Give back the line where "(e.g. algC). *)" appears and all the lines after it until the listing ends, unchanged and with nothing else.

---------- INFORMATION SUPPLIED ----------

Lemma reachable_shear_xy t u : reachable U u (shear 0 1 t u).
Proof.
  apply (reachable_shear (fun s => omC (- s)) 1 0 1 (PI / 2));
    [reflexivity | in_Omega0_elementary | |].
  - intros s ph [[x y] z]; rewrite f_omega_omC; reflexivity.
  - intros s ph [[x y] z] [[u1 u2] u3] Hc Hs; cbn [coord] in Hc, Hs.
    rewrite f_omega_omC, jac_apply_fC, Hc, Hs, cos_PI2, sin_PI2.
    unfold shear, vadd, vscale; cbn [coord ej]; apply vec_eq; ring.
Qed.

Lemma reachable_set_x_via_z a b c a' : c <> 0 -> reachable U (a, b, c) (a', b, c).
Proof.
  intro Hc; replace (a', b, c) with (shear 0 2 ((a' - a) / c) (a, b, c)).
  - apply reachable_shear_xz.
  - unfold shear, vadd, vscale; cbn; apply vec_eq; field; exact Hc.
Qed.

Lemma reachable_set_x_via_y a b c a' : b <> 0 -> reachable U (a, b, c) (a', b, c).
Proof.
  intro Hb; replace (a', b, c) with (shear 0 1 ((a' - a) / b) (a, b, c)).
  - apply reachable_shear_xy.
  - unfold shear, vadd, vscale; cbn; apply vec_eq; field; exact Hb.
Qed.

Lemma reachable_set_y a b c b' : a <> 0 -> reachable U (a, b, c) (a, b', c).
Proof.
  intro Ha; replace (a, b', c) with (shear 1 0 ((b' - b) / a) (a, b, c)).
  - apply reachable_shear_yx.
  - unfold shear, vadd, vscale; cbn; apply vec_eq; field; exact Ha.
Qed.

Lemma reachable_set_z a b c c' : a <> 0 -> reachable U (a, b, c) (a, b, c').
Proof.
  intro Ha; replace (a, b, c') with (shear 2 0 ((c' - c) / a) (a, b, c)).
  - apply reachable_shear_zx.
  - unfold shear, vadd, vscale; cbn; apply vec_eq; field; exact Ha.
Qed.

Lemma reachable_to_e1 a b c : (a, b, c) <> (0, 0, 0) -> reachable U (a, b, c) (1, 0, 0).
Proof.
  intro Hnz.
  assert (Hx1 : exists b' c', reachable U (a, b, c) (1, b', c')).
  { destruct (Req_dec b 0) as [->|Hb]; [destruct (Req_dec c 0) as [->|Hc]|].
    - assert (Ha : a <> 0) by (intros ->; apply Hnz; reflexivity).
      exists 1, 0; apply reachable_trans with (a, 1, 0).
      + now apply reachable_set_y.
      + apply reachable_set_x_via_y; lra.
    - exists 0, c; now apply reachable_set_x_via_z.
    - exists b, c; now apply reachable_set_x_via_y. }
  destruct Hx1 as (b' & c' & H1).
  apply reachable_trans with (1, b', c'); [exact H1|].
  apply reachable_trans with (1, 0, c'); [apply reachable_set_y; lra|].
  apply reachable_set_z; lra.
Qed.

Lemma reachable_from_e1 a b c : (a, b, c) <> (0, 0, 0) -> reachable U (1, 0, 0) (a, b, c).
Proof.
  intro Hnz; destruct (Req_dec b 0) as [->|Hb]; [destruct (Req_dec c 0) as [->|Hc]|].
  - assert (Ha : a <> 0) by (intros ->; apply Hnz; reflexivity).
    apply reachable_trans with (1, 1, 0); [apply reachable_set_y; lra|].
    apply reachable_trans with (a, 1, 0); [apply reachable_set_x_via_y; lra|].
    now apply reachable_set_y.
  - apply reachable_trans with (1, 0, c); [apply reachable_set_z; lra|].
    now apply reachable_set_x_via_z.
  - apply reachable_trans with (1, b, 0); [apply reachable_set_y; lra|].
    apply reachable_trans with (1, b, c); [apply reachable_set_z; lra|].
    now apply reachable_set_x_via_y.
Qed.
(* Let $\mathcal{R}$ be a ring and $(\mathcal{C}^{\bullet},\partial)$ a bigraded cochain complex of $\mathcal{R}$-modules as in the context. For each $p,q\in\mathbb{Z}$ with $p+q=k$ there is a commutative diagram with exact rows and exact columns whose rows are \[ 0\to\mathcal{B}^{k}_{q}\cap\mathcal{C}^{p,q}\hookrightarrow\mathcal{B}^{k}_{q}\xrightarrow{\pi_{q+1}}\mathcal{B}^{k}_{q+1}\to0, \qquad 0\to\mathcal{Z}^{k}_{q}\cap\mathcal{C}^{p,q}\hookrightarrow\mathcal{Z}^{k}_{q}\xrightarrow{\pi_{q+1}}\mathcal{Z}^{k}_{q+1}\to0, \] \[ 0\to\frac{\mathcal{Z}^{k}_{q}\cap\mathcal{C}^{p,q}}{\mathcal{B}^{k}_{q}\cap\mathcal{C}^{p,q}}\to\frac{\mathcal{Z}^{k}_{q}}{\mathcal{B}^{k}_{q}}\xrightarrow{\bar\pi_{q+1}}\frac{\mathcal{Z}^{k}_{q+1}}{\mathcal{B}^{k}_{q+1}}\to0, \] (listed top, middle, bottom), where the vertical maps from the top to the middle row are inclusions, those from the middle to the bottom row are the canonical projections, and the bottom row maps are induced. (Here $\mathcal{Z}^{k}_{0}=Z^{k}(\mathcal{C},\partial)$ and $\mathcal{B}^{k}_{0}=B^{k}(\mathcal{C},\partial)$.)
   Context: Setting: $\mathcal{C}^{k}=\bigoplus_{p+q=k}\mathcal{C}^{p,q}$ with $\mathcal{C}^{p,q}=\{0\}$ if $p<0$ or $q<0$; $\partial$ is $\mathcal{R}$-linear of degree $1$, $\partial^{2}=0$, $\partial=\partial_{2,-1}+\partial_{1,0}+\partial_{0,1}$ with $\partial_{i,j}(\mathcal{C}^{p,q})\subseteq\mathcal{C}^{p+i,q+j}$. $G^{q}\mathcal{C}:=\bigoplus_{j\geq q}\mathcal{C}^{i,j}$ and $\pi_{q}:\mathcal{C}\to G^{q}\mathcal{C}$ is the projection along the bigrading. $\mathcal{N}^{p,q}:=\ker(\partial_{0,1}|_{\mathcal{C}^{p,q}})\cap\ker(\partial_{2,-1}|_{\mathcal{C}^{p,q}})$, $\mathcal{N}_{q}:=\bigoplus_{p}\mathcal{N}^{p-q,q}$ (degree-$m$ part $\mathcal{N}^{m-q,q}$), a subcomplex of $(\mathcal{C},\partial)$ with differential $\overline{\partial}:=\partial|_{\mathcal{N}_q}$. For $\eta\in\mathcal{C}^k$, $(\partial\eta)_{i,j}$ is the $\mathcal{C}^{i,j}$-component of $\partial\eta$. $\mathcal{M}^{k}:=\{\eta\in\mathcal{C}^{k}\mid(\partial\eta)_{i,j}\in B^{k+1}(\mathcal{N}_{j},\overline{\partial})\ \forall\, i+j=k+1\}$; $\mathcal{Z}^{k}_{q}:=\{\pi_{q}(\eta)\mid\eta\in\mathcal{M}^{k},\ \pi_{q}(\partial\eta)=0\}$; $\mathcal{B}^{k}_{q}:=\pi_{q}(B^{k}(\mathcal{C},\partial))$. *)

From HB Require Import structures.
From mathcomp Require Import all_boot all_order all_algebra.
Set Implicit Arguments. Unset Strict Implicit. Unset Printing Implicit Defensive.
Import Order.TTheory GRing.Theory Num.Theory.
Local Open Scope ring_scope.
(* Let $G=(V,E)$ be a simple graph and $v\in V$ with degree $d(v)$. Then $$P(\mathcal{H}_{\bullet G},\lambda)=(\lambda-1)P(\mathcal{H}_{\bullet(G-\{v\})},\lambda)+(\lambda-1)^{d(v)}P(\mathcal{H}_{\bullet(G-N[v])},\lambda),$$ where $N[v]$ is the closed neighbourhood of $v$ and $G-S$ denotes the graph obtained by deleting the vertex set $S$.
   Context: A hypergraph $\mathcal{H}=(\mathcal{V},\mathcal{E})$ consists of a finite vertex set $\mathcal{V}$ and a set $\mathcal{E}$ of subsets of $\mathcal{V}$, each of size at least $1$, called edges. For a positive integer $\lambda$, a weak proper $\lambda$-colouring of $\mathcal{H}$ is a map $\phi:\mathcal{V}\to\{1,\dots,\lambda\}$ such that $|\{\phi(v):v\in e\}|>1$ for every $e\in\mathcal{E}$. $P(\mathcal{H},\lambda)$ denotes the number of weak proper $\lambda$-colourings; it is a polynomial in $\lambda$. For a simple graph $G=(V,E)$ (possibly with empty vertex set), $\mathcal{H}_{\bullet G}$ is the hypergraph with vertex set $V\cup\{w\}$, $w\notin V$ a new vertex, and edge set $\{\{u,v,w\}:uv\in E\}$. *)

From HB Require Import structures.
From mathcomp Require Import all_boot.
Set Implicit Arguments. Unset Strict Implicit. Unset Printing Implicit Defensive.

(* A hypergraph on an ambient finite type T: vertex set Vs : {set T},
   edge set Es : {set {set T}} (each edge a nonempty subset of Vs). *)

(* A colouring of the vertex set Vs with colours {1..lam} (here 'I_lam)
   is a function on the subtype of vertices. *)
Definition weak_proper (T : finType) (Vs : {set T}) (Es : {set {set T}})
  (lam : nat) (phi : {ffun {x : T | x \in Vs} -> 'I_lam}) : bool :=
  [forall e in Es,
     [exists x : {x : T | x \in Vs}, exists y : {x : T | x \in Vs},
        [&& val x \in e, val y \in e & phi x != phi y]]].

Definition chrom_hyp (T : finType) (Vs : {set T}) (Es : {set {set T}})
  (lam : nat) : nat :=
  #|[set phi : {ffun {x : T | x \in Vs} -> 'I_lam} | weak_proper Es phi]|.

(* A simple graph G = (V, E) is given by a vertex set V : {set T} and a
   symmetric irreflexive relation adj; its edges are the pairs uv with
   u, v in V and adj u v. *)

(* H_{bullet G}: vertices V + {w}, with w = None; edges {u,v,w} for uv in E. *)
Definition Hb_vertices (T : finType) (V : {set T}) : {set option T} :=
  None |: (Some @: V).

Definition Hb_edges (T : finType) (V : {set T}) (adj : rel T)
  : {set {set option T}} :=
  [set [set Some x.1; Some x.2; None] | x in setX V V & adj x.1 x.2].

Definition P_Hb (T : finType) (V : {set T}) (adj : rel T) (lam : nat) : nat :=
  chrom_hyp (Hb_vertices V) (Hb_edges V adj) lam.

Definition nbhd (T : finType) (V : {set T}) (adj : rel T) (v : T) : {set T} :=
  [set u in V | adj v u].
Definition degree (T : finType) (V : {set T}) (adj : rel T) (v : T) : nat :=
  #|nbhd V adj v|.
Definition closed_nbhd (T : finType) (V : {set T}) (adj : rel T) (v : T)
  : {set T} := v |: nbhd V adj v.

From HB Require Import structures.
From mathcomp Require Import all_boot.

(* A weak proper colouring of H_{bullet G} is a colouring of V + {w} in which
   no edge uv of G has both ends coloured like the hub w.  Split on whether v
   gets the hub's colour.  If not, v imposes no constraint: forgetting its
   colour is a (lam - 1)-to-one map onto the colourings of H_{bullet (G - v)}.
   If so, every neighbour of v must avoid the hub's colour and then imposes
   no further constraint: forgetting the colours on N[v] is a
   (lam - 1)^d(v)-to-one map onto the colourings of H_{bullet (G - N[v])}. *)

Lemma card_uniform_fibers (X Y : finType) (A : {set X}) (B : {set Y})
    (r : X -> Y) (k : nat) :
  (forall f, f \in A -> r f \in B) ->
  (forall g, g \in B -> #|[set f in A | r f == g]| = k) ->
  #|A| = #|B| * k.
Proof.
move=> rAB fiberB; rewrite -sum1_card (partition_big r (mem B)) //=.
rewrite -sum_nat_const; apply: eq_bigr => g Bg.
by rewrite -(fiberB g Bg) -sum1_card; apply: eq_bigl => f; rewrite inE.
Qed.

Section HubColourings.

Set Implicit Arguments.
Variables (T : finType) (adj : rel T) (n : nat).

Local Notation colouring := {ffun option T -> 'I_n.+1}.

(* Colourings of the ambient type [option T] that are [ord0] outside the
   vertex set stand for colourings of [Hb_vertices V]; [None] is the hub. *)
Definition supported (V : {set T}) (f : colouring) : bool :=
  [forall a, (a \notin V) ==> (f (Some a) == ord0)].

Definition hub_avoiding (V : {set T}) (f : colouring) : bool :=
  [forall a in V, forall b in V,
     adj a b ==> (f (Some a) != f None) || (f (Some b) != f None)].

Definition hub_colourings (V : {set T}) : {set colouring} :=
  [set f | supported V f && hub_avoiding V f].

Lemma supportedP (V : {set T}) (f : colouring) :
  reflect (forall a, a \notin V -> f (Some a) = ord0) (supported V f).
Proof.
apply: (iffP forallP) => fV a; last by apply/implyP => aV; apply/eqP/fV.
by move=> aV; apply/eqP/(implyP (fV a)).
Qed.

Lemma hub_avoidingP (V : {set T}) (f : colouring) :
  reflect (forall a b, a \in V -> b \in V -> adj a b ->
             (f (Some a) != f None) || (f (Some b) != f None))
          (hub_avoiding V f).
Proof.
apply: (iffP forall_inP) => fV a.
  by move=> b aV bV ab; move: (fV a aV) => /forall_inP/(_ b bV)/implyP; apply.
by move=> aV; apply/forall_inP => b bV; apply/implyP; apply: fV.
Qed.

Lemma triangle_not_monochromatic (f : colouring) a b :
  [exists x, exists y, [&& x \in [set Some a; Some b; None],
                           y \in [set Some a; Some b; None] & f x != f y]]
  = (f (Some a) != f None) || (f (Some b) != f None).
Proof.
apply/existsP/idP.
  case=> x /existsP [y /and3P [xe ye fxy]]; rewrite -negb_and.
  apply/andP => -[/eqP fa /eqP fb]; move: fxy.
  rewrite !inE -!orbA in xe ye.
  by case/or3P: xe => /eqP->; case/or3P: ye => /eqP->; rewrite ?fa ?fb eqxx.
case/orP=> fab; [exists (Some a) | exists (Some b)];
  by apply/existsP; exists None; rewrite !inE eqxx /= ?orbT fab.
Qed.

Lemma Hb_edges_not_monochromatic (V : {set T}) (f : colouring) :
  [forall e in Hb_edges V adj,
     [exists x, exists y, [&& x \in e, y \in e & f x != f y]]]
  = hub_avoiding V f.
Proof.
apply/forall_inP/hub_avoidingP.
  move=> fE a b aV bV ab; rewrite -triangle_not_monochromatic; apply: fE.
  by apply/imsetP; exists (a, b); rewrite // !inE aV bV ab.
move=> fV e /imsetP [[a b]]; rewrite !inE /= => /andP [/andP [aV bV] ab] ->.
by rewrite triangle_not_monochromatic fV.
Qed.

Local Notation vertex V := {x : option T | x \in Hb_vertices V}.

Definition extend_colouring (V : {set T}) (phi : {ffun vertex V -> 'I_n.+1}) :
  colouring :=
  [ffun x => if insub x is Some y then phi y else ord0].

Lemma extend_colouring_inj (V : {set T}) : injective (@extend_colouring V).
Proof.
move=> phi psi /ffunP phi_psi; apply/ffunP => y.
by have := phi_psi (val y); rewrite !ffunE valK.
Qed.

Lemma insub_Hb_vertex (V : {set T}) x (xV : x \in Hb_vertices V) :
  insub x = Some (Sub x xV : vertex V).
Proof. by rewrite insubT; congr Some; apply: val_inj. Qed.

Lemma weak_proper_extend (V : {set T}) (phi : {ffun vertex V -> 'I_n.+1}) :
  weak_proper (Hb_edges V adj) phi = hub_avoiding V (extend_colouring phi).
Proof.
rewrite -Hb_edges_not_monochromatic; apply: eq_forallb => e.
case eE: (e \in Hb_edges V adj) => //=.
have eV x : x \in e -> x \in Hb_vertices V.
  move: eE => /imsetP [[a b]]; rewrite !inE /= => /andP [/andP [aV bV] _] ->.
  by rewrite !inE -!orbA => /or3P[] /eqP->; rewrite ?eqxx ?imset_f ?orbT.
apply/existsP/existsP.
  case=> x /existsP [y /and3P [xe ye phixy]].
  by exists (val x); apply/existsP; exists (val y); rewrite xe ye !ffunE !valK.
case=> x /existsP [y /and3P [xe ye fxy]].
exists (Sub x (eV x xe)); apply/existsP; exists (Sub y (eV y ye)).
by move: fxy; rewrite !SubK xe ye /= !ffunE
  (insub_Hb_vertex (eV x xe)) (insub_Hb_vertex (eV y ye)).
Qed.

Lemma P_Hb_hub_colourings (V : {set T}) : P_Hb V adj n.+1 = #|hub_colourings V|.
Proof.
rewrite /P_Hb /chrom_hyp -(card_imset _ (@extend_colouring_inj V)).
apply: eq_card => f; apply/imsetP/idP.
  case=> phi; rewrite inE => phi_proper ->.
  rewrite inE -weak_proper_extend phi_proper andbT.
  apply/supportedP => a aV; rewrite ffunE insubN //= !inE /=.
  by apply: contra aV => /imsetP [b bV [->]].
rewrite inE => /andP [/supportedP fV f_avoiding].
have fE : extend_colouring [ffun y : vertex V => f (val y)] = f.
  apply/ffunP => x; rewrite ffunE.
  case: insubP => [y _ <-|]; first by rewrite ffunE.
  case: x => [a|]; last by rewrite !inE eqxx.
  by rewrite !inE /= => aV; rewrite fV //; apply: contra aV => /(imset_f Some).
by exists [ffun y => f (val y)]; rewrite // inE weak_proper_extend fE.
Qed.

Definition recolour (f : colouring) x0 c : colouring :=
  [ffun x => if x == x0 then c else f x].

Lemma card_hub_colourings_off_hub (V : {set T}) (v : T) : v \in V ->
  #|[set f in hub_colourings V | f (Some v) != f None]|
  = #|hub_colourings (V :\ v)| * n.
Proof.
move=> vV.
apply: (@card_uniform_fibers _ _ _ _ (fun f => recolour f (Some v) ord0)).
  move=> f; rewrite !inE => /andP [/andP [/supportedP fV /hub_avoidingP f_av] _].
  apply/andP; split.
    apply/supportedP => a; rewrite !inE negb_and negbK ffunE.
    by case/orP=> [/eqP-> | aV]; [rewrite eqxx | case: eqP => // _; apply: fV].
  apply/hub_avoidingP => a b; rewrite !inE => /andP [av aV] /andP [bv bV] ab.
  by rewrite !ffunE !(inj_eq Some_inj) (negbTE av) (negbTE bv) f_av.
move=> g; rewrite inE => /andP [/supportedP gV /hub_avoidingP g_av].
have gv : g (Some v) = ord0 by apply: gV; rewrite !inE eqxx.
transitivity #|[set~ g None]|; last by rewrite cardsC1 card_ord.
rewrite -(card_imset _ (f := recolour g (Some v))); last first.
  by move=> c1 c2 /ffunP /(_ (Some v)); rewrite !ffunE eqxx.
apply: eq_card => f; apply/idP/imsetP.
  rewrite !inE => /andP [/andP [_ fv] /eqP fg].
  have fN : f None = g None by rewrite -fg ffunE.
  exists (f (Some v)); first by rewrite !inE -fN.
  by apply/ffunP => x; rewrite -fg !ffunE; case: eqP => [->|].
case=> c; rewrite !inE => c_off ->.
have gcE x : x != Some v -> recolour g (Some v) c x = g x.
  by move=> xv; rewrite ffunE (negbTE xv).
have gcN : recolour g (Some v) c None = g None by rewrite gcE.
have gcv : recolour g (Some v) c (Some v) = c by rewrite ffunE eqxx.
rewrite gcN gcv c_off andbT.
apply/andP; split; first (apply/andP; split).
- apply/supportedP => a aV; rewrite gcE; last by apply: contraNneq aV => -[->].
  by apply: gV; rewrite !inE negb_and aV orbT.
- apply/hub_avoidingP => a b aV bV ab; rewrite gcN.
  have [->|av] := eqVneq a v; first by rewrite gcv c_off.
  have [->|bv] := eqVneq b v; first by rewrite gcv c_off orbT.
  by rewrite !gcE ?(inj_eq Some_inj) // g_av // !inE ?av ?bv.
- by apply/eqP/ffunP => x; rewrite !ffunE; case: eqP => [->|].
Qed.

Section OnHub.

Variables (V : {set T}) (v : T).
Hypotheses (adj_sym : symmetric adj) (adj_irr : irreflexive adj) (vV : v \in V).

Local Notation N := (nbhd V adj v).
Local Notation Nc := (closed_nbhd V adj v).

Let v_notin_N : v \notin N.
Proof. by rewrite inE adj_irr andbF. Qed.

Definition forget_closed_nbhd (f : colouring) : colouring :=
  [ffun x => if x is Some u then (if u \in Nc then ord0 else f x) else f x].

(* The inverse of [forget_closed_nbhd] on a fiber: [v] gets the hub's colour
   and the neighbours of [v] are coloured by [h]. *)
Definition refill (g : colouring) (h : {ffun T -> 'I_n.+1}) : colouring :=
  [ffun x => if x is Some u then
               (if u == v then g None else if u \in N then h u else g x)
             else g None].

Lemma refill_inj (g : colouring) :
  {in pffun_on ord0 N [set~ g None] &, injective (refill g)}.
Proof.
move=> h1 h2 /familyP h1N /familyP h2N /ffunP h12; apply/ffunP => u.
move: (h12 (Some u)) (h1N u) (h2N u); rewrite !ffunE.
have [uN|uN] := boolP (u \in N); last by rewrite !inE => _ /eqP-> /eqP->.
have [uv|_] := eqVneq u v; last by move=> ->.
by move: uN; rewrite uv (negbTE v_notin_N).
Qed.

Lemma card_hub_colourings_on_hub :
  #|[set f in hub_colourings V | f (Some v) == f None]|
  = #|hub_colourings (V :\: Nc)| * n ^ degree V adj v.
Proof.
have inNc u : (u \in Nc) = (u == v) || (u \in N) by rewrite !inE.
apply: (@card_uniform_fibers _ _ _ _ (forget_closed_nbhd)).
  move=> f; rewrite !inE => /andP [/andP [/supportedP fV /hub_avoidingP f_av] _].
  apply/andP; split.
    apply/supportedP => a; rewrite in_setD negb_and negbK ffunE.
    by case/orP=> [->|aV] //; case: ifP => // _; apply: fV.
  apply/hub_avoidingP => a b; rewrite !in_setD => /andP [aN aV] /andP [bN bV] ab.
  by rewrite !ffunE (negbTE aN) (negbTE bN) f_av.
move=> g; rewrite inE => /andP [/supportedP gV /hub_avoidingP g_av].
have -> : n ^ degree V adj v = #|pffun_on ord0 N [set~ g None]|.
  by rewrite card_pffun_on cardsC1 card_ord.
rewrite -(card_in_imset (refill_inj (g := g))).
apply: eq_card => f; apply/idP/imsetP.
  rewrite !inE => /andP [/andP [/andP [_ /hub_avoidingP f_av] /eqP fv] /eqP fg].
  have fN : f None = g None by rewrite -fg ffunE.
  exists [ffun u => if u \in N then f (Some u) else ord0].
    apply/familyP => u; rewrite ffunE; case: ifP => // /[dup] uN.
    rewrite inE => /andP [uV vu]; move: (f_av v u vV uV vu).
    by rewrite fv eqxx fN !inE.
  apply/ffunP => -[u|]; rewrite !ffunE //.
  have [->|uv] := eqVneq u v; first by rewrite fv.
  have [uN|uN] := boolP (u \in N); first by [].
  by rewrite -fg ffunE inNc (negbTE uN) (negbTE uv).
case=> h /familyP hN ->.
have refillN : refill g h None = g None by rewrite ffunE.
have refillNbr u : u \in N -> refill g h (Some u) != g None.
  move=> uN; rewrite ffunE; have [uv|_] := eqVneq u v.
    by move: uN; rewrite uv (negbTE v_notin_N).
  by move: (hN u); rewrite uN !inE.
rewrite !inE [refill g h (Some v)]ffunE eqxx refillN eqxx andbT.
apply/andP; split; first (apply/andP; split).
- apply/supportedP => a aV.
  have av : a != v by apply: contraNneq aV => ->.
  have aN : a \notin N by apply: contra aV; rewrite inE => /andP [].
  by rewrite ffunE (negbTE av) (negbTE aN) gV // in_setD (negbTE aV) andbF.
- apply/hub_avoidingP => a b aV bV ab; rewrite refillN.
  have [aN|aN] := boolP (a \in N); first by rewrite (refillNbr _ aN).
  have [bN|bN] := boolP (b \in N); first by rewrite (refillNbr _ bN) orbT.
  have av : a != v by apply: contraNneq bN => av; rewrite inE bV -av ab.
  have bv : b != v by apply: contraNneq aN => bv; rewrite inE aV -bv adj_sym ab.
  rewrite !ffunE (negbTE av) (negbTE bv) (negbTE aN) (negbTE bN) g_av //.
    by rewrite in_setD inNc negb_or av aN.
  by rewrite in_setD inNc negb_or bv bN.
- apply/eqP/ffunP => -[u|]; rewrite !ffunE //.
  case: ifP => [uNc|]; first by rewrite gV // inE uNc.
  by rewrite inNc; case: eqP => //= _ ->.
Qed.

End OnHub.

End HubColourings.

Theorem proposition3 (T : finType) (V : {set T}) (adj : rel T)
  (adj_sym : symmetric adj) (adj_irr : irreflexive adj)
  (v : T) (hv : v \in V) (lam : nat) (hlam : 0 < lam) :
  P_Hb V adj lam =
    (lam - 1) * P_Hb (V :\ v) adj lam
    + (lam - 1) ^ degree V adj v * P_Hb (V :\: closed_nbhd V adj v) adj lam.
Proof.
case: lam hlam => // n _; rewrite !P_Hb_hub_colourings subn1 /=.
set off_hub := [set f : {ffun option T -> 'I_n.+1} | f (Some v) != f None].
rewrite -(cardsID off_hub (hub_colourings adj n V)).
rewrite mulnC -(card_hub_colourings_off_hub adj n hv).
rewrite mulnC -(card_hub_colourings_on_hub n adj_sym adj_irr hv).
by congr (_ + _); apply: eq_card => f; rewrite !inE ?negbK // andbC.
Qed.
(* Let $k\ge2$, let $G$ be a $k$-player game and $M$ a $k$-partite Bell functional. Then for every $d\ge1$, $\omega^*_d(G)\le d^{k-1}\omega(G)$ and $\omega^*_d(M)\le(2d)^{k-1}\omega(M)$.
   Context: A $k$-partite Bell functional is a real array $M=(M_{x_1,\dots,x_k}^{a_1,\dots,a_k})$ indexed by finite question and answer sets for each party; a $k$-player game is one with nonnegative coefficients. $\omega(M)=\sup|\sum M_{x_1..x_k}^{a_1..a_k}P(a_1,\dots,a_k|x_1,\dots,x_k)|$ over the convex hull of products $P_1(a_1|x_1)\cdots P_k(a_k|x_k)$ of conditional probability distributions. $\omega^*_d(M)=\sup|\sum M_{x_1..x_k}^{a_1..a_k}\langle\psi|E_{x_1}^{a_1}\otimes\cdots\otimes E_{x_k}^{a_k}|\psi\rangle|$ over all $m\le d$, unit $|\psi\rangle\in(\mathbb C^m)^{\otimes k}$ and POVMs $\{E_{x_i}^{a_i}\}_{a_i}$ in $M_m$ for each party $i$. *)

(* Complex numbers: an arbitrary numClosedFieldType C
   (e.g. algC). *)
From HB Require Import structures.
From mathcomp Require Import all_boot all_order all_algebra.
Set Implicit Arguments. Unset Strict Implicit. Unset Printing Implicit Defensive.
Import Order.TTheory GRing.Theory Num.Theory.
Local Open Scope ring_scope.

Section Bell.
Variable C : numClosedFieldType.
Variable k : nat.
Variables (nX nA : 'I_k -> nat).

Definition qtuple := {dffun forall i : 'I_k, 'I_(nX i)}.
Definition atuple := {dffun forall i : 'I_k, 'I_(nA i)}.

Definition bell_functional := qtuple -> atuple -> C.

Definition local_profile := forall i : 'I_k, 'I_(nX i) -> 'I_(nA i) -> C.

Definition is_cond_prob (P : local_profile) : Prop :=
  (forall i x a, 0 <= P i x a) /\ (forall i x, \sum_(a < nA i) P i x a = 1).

----------

=== ANSWER TO THIS PROBLEM ===
   (e.g. algC). *)
From HB Require Import structures.
From mathcomp Require Import all_boot all_order all_algebra.
Set Implicit Arguments. Unset Strict Implicit. Unset Printing Implicit Defensive.
Import Order.TTheory GRing.Theory Num.Theory.
Local Open Scope ring_scope.

Section Bell.
Variable C : numClosedFieldType.
Variable k : nat.
Variables (nX nA : 'I_k -> nat).

Definition qtuple := {dffun forall i : 'I_k, 'I_(nX i)}.
Definition atuple := {dffun forall i : 'I_k, 'I_(nA i)}.

Definition bell_functional := qtuple -> atuple -> C.

Definition local_profile := forall i : 'I_k, 'I_(nX i) -> 'I_(nA i) -> C.

Definition is_cond_prob (P : local_profile) : Prop :=
  (forall i x a, 0 <= P i x a) /\ (forall i x, \sum_(a < nA i) P i x a = 1).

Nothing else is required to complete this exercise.